- _ASSIGNMENT_: You are asked to filter the data below and copy every line holding "case".

- _THE DATA_:

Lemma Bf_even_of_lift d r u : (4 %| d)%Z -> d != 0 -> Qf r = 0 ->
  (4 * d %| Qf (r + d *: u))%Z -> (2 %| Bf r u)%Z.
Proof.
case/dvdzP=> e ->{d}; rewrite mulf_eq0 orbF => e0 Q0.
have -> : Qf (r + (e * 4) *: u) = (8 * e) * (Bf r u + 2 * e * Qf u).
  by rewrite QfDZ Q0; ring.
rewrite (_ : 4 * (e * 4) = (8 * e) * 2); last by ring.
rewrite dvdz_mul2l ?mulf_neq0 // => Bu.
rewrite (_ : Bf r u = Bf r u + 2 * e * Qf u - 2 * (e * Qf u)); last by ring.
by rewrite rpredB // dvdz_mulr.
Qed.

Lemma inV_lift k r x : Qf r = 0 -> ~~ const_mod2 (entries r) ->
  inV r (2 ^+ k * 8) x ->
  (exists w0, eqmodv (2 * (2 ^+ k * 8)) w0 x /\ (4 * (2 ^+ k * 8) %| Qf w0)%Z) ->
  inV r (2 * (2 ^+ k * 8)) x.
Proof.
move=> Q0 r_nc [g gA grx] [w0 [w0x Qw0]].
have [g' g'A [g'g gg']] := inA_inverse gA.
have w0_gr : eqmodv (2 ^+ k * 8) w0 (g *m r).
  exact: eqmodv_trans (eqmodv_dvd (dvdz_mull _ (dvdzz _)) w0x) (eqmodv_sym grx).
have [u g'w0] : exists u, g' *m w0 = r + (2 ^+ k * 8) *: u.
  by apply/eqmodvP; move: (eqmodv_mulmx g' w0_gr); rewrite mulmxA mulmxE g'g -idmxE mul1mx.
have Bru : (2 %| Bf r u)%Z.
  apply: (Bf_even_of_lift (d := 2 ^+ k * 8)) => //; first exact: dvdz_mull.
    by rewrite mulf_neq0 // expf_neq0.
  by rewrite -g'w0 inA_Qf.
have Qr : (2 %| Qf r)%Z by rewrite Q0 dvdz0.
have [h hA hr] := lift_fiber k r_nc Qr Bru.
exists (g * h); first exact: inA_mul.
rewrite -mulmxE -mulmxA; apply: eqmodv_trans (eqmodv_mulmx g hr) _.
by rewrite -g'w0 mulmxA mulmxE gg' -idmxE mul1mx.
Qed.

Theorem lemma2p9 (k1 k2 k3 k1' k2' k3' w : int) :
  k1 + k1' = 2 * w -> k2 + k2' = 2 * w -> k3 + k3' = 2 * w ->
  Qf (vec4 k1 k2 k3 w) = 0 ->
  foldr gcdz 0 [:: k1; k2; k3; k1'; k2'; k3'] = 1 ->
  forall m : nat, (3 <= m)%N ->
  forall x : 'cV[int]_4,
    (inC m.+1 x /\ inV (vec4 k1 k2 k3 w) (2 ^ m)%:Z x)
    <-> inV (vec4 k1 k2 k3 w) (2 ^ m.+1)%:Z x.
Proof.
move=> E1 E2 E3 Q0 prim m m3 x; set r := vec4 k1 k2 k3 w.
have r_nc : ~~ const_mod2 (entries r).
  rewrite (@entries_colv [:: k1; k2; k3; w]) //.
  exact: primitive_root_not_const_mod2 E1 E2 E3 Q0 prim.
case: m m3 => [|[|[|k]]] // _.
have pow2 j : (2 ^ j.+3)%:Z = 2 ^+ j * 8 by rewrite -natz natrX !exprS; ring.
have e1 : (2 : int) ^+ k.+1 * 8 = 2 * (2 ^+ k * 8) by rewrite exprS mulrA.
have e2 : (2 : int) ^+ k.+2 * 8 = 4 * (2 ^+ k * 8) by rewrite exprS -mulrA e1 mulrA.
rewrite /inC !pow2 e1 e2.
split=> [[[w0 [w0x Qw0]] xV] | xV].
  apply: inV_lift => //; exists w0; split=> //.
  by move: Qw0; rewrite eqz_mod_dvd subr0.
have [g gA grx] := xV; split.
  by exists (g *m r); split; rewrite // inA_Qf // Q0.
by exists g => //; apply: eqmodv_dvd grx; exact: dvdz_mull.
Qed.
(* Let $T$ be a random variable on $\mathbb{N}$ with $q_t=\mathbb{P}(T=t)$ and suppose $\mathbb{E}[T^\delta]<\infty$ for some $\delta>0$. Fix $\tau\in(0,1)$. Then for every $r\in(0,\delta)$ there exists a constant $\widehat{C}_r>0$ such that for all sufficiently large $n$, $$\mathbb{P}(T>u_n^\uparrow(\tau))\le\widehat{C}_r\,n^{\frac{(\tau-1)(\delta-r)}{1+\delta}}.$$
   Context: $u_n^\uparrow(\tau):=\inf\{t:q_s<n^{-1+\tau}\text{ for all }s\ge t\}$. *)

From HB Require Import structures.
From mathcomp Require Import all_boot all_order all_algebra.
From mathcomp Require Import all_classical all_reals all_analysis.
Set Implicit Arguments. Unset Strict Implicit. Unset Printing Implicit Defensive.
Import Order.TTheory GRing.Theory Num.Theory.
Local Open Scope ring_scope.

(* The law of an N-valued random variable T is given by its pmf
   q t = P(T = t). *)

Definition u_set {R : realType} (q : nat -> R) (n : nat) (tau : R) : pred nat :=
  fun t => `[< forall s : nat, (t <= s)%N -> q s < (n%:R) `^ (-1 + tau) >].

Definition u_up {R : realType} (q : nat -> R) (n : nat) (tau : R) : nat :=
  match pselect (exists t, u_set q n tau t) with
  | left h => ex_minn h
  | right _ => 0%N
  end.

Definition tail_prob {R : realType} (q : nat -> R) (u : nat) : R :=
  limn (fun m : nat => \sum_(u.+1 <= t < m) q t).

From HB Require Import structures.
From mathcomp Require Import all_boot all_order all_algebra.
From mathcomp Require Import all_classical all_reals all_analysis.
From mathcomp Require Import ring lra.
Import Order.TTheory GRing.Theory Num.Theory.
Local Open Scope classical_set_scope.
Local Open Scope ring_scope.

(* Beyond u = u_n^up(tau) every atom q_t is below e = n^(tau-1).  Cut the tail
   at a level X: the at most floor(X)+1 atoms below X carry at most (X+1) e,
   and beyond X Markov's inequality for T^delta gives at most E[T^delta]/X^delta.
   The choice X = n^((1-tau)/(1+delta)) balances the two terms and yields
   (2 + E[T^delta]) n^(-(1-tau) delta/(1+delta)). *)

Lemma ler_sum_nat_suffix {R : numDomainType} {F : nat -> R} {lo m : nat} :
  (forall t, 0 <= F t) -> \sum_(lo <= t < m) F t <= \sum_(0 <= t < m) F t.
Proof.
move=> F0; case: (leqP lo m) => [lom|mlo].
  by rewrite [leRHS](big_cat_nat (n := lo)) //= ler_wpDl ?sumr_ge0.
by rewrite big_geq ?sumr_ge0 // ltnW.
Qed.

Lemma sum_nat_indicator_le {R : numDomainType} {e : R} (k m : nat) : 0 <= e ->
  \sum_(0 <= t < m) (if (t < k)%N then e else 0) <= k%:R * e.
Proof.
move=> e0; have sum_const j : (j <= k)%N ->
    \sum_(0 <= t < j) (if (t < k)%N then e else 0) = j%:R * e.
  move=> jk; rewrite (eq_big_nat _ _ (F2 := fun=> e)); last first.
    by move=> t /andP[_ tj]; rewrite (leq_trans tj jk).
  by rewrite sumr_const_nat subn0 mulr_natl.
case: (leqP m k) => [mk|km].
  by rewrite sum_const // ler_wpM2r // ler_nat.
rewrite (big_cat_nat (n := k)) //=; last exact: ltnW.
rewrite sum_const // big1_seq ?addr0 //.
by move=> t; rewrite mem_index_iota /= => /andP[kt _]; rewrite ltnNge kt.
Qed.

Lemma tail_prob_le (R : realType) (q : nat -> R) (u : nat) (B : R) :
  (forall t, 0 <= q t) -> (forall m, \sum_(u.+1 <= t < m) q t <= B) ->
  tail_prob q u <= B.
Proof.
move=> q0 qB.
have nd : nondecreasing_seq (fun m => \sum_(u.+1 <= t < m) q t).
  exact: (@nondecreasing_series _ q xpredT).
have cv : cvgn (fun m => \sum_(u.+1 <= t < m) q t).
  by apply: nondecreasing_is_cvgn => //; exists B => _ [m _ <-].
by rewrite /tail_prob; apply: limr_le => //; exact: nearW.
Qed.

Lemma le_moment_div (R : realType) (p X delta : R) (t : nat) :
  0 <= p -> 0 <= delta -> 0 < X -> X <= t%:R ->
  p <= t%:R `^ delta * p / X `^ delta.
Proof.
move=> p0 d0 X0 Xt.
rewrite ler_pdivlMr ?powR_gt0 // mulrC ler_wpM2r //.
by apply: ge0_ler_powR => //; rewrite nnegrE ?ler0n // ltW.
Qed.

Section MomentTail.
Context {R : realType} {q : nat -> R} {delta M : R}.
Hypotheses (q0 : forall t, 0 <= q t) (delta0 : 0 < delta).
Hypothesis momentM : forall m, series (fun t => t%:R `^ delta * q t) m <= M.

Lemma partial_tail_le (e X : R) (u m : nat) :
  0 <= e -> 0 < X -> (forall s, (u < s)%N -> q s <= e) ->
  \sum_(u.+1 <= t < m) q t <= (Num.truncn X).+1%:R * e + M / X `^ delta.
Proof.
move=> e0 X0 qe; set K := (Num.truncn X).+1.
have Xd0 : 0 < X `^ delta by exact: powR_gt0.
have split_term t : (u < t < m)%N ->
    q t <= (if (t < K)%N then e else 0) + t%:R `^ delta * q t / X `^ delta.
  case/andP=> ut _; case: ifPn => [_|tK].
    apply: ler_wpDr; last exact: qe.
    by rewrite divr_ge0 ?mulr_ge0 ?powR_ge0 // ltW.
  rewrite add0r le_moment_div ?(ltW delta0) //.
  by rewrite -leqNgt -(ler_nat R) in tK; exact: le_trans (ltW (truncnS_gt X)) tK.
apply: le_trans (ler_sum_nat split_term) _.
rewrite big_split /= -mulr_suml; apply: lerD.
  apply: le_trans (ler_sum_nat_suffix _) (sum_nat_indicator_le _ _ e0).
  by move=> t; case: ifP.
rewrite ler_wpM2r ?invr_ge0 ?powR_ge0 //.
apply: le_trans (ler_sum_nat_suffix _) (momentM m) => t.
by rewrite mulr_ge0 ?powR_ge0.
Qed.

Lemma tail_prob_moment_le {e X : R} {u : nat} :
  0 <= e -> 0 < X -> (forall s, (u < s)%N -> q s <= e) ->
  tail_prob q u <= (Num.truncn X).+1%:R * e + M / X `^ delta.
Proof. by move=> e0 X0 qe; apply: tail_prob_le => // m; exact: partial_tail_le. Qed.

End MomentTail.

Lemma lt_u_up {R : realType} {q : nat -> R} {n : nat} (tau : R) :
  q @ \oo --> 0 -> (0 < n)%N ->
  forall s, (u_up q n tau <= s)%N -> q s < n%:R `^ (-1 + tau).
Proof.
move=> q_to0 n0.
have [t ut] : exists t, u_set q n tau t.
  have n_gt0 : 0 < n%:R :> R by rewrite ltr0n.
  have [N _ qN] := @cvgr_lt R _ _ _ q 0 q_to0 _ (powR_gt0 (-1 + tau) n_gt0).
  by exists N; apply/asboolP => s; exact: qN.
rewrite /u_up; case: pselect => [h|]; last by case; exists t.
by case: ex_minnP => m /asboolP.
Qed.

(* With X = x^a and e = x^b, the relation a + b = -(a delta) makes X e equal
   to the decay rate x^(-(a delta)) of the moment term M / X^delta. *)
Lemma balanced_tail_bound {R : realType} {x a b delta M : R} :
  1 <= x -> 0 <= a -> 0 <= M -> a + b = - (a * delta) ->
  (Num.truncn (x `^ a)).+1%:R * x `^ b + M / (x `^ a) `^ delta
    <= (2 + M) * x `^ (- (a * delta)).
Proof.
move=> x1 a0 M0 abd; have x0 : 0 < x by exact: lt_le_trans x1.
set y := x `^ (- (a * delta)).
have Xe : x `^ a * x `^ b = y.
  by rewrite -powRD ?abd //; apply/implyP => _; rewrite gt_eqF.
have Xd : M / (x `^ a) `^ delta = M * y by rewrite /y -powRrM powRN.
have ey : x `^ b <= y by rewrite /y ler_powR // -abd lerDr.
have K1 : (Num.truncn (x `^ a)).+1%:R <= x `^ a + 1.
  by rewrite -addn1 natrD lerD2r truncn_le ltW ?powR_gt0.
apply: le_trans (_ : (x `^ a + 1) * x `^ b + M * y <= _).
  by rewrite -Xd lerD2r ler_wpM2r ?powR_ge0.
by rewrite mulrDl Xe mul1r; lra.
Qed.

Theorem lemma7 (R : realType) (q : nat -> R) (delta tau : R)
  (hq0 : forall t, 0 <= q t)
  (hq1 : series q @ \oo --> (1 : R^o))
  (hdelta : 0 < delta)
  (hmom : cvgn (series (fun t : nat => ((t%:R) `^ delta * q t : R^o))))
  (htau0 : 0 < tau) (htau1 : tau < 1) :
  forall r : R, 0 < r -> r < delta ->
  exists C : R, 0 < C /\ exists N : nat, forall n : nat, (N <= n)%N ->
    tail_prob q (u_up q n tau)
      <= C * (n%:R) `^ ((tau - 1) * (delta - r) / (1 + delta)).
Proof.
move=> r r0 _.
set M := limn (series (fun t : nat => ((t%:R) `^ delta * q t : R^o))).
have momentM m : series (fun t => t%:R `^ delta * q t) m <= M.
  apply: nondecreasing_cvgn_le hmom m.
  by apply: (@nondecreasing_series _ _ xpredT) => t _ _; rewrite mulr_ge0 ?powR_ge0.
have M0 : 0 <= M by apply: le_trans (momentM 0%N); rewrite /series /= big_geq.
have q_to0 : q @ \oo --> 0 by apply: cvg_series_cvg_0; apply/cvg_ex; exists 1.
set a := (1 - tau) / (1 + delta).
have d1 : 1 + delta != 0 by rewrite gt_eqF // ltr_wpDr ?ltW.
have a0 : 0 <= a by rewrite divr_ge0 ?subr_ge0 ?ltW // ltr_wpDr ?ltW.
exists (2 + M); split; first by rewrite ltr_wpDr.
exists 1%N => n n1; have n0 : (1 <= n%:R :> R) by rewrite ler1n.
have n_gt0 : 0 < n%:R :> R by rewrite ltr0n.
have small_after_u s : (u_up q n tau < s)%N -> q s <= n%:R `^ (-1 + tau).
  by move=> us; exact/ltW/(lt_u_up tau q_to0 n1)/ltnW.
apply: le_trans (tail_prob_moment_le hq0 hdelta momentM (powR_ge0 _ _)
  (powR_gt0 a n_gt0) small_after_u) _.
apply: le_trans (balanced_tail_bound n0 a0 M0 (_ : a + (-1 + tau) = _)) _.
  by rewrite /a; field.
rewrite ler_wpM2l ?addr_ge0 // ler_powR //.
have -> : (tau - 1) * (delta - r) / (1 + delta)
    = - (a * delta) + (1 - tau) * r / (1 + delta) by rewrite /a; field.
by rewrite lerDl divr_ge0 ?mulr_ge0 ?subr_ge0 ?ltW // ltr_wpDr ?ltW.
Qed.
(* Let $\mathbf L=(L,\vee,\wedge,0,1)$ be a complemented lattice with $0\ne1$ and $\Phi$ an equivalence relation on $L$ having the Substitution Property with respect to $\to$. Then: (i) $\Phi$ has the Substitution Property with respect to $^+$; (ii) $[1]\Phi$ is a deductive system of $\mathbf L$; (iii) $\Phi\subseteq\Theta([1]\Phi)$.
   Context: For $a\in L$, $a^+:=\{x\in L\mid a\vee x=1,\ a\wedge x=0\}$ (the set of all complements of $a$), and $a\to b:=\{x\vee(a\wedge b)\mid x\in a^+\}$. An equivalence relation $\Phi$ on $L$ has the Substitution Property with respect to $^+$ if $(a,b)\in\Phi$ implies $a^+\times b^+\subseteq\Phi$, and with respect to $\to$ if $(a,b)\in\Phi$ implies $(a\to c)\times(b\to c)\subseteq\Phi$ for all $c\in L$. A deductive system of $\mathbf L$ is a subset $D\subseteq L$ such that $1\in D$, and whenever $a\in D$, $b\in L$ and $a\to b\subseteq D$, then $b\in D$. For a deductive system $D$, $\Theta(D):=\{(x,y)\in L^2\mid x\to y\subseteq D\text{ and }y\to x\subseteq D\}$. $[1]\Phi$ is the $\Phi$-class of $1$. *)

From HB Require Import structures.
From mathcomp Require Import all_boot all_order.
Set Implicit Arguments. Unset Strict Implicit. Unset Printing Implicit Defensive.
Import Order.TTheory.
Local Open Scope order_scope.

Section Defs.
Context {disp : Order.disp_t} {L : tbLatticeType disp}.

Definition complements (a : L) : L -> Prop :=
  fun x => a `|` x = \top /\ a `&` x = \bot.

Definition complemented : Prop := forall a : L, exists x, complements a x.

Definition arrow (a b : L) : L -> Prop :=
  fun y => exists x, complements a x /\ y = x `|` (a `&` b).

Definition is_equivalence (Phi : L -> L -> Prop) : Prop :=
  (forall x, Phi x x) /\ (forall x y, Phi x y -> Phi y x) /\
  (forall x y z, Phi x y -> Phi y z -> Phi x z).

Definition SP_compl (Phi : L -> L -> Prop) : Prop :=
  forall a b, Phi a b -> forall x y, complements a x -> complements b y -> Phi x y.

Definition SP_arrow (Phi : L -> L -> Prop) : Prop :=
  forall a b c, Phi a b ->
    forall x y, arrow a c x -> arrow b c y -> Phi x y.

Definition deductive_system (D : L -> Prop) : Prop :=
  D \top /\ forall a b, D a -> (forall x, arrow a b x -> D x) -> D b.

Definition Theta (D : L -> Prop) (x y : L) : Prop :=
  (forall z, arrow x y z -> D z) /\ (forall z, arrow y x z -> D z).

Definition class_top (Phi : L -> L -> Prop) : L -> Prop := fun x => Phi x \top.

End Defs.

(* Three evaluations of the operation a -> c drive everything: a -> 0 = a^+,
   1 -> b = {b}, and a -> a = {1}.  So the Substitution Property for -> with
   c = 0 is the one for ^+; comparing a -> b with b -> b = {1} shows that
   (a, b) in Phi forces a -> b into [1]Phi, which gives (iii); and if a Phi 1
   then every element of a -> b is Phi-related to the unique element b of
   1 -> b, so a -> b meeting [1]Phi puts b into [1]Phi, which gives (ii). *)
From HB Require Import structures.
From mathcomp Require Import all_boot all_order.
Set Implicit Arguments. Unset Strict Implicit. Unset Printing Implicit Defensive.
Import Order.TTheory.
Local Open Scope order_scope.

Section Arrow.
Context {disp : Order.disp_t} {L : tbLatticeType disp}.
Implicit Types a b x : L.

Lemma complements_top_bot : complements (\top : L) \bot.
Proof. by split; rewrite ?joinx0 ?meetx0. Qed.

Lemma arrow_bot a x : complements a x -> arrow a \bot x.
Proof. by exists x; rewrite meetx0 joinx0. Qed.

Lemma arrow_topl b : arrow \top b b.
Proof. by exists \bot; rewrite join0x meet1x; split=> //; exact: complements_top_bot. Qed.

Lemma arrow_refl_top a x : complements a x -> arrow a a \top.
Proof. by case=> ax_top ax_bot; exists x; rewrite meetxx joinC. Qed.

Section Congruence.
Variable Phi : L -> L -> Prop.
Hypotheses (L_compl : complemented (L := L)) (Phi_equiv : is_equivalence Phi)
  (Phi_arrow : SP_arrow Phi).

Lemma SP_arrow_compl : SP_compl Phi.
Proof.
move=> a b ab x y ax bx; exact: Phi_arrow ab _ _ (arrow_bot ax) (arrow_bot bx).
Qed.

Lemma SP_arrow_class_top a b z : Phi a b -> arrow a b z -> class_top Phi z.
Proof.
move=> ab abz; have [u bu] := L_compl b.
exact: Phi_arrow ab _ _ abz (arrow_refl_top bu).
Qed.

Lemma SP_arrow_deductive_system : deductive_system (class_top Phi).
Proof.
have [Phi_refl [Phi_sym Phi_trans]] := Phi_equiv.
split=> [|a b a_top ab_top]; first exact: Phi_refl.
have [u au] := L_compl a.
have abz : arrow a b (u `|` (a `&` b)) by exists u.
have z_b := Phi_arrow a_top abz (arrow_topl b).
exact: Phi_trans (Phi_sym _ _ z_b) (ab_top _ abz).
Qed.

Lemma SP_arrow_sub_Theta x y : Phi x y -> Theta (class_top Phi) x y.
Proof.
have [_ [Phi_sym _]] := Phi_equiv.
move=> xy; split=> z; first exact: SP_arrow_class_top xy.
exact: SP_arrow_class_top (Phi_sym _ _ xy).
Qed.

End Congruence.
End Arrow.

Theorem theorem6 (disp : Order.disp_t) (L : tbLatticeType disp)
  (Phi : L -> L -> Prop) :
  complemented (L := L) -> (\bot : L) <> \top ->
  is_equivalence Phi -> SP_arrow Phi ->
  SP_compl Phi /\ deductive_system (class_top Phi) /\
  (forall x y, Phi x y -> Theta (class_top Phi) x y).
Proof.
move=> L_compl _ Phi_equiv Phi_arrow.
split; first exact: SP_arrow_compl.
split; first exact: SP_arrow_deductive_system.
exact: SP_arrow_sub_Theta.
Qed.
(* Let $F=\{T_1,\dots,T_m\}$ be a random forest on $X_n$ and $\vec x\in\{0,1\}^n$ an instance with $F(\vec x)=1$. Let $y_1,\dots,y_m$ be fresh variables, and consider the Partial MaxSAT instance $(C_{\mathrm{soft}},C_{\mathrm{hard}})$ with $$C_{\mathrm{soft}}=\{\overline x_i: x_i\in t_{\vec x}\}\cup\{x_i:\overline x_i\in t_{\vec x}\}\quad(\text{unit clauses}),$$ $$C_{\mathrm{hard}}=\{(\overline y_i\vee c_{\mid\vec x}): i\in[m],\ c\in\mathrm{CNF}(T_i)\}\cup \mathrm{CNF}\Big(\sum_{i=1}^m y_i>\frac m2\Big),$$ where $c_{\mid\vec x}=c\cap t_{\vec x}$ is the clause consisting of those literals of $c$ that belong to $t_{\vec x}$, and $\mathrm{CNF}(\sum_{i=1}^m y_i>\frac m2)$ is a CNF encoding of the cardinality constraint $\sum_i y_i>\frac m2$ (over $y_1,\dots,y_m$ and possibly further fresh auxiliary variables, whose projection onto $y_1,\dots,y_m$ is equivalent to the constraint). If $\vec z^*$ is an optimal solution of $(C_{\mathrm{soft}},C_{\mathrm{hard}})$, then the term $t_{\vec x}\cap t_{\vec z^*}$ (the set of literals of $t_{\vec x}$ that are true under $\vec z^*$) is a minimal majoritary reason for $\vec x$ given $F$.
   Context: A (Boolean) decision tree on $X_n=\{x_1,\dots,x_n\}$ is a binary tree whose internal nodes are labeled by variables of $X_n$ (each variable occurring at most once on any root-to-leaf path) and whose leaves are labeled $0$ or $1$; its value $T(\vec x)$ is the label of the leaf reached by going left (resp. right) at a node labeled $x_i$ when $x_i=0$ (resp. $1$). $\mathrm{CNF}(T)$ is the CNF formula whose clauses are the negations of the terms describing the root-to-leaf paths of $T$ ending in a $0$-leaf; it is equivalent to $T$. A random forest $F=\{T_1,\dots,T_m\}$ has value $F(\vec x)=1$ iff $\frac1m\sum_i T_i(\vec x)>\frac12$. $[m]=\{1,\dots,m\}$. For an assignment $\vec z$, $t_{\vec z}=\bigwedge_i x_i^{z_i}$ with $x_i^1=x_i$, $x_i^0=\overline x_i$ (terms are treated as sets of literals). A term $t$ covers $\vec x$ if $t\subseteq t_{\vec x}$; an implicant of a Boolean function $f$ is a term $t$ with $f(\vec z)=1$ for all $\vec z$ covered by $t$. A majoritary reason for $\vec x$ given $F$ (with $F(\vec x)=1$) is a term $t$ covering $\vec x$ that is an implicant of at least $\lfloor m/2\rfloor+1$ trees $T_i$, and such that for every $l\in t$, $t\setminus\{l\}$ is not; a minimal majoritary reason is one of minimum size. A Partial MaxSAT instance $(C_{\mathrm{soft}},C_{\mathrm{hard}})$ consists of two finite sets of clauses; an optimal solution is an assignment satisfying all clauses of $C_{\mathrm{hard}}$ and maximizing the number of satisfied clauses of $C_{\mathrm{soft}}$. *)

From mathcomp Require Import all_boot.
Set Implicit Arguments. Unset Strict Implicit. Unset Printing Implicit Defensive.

- _OUTPUT_:
case/dvdzP=> e ->{d}; rewrite mulf_eq0 orbF => e0 Q0.
case: m m3 => [|[|[|k]]] // _.
move=> F0; case: (leqP lo m) => [lom|mlo].
case: (leqP m k) => [mk|km].
  case/andP=> ut _; case: ifPn => [_|tK].
  by move=> t; case: ifP.
rewrite /u_up; case: pselect => [h|]; last by case; exists t.
by case: ex_minnP => m /asboolP.
Proof. by case=> ax_top ax_bot; exists x; rewrite meetxx joinC. Qed.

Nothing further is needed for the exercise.